Ночь снова оказалась бессонной. Василиса представляла, как она подойдет к Андрею и скажет ему, что ее больше не интересуют мужчины. Он подумает, что она – лесбиянка. А она расскажет ему, как жестоко ошиблась в избраннике, возненавидела всех мужчин… Значит, и его? Она к нему прекрасно относится, зачем врать? Тогда она объяснит ему, что начала новую одинокую жизнь… Он подумает, что она сошла с ума. Василиса разнервничалась, перевернулась на другой бок и упала на пол. Нащупав под собой четыре мягкие тапочки, она улыбнулась и решила ничего не объяснять Степанову. Зачем? Разве она что-то должна объяснять мужчинам и отчитываться перед ними? Пусть мучаются в сомнениях, бьются лбами о ее непробиваемую стену феминизма и стонут от бессилия. Перед ее сонными глазами почему-то проплыл образ Федора с ведром воды. Он не стонал и не мучился, он «резал» ей премиальные.
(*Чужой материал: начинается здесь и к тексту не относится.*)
Lemma threshold_exists (S : R -> Prop) :
  (forall x y, x <= y -> S x -> S y) ->
  (exists x, S x) ->
  (forall e, (forall eta, 0 < eta -> S (e + eta)) -> S e) ->
  exists t, forall e, S e <-> ge_thr e t.
Proof.
  intros Hup [x0 Hx0] Hclosed.
  destruct (classic (forall e, S e)) as [Hall | Hnall].
  { exists None. intro e. simpl. split; auto. }
  destruct (not_all_ex_not _ _ Hnall) as [e0 He0].
  assert (Hlower : forall e, S e -> e0 < e).
  { intros e He. apply Rnot_le_lt. intro Hle. exact (He0 (Hup e e0 Hle He)). }
  set (E := fun y => S (- y)).
  assert (Hbound : bound E).
  { exists (- e0). intros y Hy. pose proof (Hlower _ Hy). lra. }
  assert (Hne : exists y, E y).
  { exists (- x0). unfold E. rewrite Ropp_involutive. exact Hx0. }
  destruct (completeness E Hbound Hne) as [sup [Hub Hleast]].
  assert (Hinf : S (- sup)).
  { apply Hclosed. intros eta Heta. apply NNPP. intro Hn.
    assert (Hub_eta : is_upper_bound E (sup - eta)).
    { intros y Hy. apply Rnot_lt_le. intro Hlt.
      apply Hn, (Hup (- y)); [lra | exact Hy]. }
    specialize (Hleast _ Hub_eta). lra. }
  exists (Some (- sup)). intro e. simpl. split.
  - intro He. assert (HEe : E (- e)) by (unfold E; rewrite Ropp_involutive; exact He).
    specialize (Hub _ HEe). lra.
  - intro He. exact (Hup _ _ He Hinf).
Qed.

Lemma threshold_none (S : R -> Prop) t :
  (forall e, S e <-> ge_thr e t) -> (forall e, S e) -> t = None.
Proof.
  intros Ht Hall. destruct t as [x|]; [|reflexivity].
  pose proof (proj1 (Ht (x - 1)) (Hall (x - 1))) as H. simpl in H. lra.
Qed.

Lemma le_thr_of_subset (A B : R -> Prop) ta tb :
  (forall e, A e <-> ge_thr e ta) -> (forall e, B e <-> ge_thr e tb) ->
  (forall e, B e -> A e) -> le_thr ta tb.
Proof.
  intros Ha Hb Hsub. destruct ta as [x|], tb as [y|]; simpl; auto.
  - exact (proj1 (Ha y) (Hsub y (proj2 (Hb y) (Rle_refl y)))).
  - pose proof (proj1 (Ha (x - 1)) (Hsub (x - 1) (proj2 (Hb (x - 1)) I))) as H.
    simpl in H. lra.
Qed.

Section Model.
Variables beta sigma lam mu psi M Mf N p q eps2 : R.
Hypotheses (Hbeta : 0 < beta < 1) (Hsigma : 0 < sigma) (Hlam : 0 < lam) (Hmu : 0 < mu)
  (Hpsi : 1 < psi) (HM : 0 < M <= 1) (HMf : 0 < Mf <= 1) (HN : 0 < N <= 1)
  (Hp : 0 < p <= 1) (Hq : 0 < q <= 1) (Hpq : ~ (p = 1 /\ q = 1)) (Heps2 : 0 <= eps2).

Let s := / (1 + lam * sigma * psi).
Let m := lam * sigma * mu.
Let a := qbar p q.
Let u := 1 + delta beta sigma lam M Mf N.

Let s_bounds : 0 < s < 1.
Proof.
  assert (0 < lam * sigma * psi) by (apply Rmult_lt_0_compat; nra).
  split; [apply Rinv_0_lt_compat | rewrite <- Rinv_1; apply Rinv_lt_contravar]; lra.
Qed.

Let m_pos : 0 < m.
Proof. unfold m. apply Rmult_lt_0_compat; nra. Qed.

Let pq_lt_2 : 0 < 2 - p - q.
Proof. destruct (Req_dec p 1), (Req_dec q 1); try tauto; lra. Qed.

Let a_bounds : 0 <= a <= 1.
Proof.
  unfold a, qbar. split.
  - apply Rmult_le_pos; [lra | left; apply Rinv_0_lt_compat; lra].
  - apply (Rmult_le_reg_r (2 - p - q)); [lra|]. field_simplify; lra.
Qed.

Let Mfbeta_bounds : 0 < Mf * beta < 1.
Proof. split; nra. Qed.

Let u_ge : M * Mf * beta <= u /\ u <= 1 + lam * sigma * N.
Proof.
  unfold u, delta. assert (0 < lam * sigma * N) by (apply Rmult_lt_0_compat; nra).
  split; nra.
Qed.

Let u_pos : 0 < u.
Proof. pose proof u_ge. assert (0 < M * Mf * beta) by nra. lra. Qed.

Let su_lt_1 : s * u < 1.
Proof.
  pose proof u_ge.
  assert (lam * sigma * N < lam * sigma * psi) by (apply Rmult_lt_compat_l; nra).
  unfold s. apply (Rmult_lt_reg_l (1 + lam * sigma * psi)); [nra|].
  rewrite <- Rmult_assoc, Rinv_r by nra. lra.
Qed.

Definition rpe_feasible (e1 : R) : Prop :=
  exists P, 0 <= rpe_gap s m a u (lam * e1) (lam * eps2) P.

Lemma solves_iff eps x pi xe pie :
  solves beta sigma lam mu psi M Mf N eps x pi xe pie <->
  lam * x = pi - Mf * beta * pie /\
  pi = hinge s m (lam * (M * xe + sigma * N * pie + eps) + Mf * beta * pie).
Proof.
  unfold solves, s, m.
  rewrite <- (rate_inverse_iff (lam * sigma) psi mu) by nra.
  split; intros [H1 H2]; split; try lra.
  - subst x. lra.
  - apply (Rmult_eq_reg_l lam); lra.
Qed.

Lemma brrpe_iff_gap_root e1 :
  BRRPE_exists beta sigma lam mu psi M Mf N p q e1 eps2 <->
  exists P, rpe_gap s m a u (lam * e1) (lam * eps2) P = 0.
Proof.
  assert (Harg : forall xe P e, lam * xe = (1 - Mf * beta) * P ->
    lam * (M * xe + sigma * N * P + e) + Mf * beta * P = u * P + lam * e).
  { intros xe P e Hxe.
    replace (lam * (M * xe + sigma * N * P + e))
      with (M * (lam * xe) + lam * sigma * N * P + lam * e) by ring.
    rewrite Hxe. unfold u, delta. ring. }
  unfold BRRPE_exists. fold a. split.
  - intros (x1 & pi1 & x2 & pi2 & H1 & H2). cbv zeta in H1, H2.
    rewrite solves_iff in H1, H2.
    destruct H1 as [Hx1 Hpi1], H2 as [Hx2 Hpi2].
    exists (a * pi2 + (1 - a) * pi1).
    rewrite Harg in Hpi1, Hpi2.
    2, 3: replace (lam * (a * x2 + (1 - a) * x1))
            with (a * (lam * x2) + (1 - a) * (lam * x1)) by ring;
          rewrite Hx1, Hx2; ring.
    unfold rpe_gap. rewrite <- Hpi1, <- Hpi2. ring.
  - intros [P HP]. unfold rpe_gap in HP.
    set (pi1 := hinge s m (u * P + lam * e1)) in HP.
    set (pi2 := hinge s m (u * P + lam * eps2)) in HP.
    assert (Havg : a * pi2 + (1 - a) * pi1 = P) by lra.
    exists ((pi1 - Mf * beta * P) / lam), pi1, ((pi2 - Mf * beta * P) / lam), pi2.
    cbv zeta. rewrite Havg.
    assert (Hxe : lam * (a * ((pi2 - Mf * beta * P) / lam)
                         + (1 - a) * ((pi1 - Mf * beta * P) / lam))
                  = (1 - Mf * beta) * P).
    { replace (lam * (a * ((pi2 - Mf * beta * P) / lam)
                     + (1 - a) * ((pi1 - Mf * beta * P) / lam)))
        with (a * pi2 + (1 - a) * pi1 - Mf * beta * P) by (field; lra).
      rewrite Havg. ring. }
    rewrite !solves_iff, !(Harg _ _ _ Hxe).
    split; split; trivial; field; lra.
Qed.

Lemma brrpe_iff_feasible e1 :
  BRRPE_exists beta sigma lam mu psi M Mf N p q e1 eps2 <-> rpe_feasible e1.
Proof.
  rewrite brrpe_iff_gap_root. split; intros [P HP].
  - exists P. lra.
  - exact (rpe_gap_root_of_nonneg s m a u s_bounds a_bounds u_pos su_lt_1 _ _ P HP).
Qed.

Lemma rpe_feasible_mono x y : x <= y -> rpe_feasible x -> rpe_feasible y.
Proof.
  intros Hxy [P HP]. exists P.
  pose proof (rpe_gap_shift s m a u s_bounds a_bounds (lam * x) (lam * y) (lam * eps2) P
                ltac:(nra)).
  lra.
Qed.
– Как там называлась ее фирма? – Шеф насупил брови, крутя разодранный пакет в разные стороны.
– «Рога и копыта»? – попытался вспомнить Мотя, поглядывая на надпись на пакете.
– Нет, это было где-то в другом месте, я помню, – недовольно отмахнулся шеф. – Там было как-то по-другому. Адрес запомнил?
– Конечно, – радовался Мотя, – улица Макса Карла, дом 6!
– Ясно, – серьезно сказал шеф, оценивающе глядя в его косоватые близорукие глаза, сведенные к переносице. – Улица Карла Маркса, дом 9. Завтра начнем за ней следить. Чует мое сердце, – шеф схватился за бок, – неспроста она нам пакет с деньгами подкинула, ох, неспроста! Кто бы вернул назад десять тысяч зеленых?! Очень умный человек или дурак. Она – одна из них.
– Так их двое?!
– Точно, дурак.
Глава 4
Она нащупала в кустах оттопыренный мужской орган
Забелкин мучился на больничной койке, но не от боли, а от злости, вырывающейся из всех частей его раненого тела. Ему сделали обезболивающий укол со снотворным эффектом. Когда он очнулся и вспомнил, что неумеха Василиса даже не смогла по-человечески бросить ему сумку, разозлился еще больше. Из-за нее он теперь лежит с переломом конечности, и неизвестно, когда на нее встанет. Забелкин огляделся – палата была пуста. Соседние койки аккуратно застелены, видимо, полуходячие соседи ушли на прогулку. Забелкин встал и попробовал сделать шаг. Получилось. Нога ныла, сопротивлялась движению, но делала привычные махи. Забелкин обрадовался и закричал. Неизвестно, услышал ли его зов плоти главный хирург горбольницы или нет, тем не менее он тут же появился в палате Забелкина в окружении медсестер. Это было время утреннего обхода.
– Это что еще такое?! – Врач указал длинным хирургическим пальцем, похожим на скальпель, на стоящего Забелкина. – Эта палата для обездвиженных больных!
Дородная брюнетка с выжженными от многочисленных химических завивок волосами молча подошла к Забелкину и властно пихнула его назад на кровать.
– Ишь, – хирург внимательно посмотрел на Забелкина, – ходок нашелся. Ломать – и на рентген! Нет, наоборот: на рентген – и ломать!
– Записываю, – отрапортовала медсестра, – «ломать – и рентген».
– Кого ломать? Меня ломать?! – попробовал возмутиться Забелкин.
– Не тебя, а ногу, – миролюбиво пояснила ему медсестра и проследовала за уходившими из палаты коллегами.